Range to reproduce from the entries below: the line with "Definition C1 : Cplx := RtoC 1.", the line with "match l with nil => C0", and every line in between. Give them exactly and give nothing else.

+---+

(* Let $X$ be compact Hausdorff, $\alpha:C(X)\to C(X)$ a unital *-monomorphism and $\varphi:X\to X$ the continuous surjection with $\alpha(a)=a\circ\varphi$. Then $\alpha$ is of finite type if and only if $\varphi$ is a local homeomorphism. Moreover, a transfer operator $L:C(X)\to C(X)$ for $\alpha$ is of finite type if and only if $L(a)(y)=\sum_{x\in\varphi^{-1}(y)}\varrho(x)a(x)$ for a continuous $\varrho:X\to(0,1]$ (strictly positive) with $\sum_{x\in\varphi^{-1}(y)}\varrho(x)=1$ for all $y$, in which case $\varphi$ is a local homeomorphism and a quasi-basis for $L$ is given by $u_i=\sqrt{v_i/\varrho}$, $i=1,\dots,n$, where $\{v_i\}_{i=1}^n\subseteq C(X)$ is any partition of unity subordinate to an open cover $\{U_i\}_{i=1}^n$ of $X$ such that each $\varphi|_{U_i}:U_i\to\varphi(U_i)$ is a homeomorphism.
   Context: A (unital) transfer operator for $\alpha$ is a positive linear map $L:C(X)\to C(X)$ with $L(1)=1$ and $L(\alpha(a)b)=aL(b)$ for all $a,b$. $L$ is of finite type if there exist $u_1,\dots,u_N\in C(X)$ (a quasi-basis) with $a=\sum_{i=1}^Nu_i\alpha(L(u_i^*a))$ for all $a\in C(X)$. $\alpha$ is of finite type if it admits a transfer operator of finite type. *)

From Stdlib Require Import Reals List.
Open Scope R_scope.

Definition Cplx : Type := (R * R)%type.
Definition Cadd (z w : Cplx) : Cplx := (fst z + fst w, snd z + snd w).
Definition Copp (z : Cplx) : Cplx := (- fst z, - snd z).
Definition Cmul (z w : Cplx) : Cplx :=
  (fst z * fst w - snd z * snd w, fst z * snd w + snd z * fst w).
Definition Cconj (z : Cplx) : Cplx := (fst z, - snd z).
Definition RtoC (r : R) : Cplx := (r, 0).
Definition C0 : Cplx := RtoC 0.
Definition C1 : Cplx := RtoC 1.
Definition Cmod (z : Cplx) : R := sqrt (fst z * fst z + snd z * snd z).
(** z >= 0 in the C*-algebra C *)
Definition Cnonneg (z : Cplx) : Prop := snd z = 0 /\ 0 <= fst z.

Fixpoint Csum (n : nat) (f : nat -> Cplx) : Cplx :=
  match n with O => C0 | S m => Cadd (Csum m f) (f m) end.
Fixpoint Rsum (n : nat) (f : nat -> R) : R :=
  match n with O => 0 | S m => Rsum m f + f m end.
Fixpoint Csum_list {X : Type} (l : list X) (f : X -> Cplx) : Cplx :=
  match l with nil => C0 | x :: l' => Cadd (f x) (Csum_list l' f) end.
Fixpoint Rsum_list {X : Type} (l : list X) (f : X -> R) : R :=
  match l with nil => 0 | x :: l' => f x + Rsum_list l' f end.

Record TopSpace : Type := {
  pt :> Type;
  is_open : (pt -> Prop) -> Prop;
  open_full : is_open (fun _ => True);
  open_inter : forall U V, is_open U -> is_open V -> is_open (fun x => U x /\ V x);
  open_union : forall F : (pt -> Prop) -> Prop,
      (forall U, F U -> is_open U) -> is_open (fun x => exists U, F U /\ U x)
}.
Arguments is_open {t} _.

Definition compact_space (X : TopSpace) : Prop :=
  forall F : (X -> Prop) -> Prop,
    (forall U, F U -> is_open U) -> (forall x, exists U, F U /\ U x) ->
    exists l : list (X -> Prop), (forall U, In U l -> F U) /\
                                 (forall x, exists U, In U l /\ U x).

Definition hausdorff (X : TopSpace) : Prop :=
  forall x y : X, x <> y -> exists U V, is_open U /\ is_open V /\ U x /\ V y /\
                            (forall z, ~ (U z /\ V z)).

+---+

## Output below:
Definition C1 : Cplx := RtoC 1.
Definition Cmod (z : Cplx) : R := sqrt (fst z * fst z + snd z * snd z).
(** z >= 0 in the C*-algebra C *)
Definition Cnonneg (z : Cplx) : Prop := snd z = 0 /\ 0 <= fst z.

Fixpoint Csum (n : nat) (f : nat -> Cplx) : Cplx :=
  match n with O => C0 | S m => Cadd (Csum m f) (f m) end.
Fixpoint Rsum (n : nat) (f : nat -> R) : R :=
  match n with O => 0 | S m => Rsum m f + f m end.
Fixpoint Csum_list {X : Type} (l : list X) (f : X -> Cplx) : Cplx :=
  match l with nil => C0 | x :: l' => Cadd (f x) (Csum_list l' f) end.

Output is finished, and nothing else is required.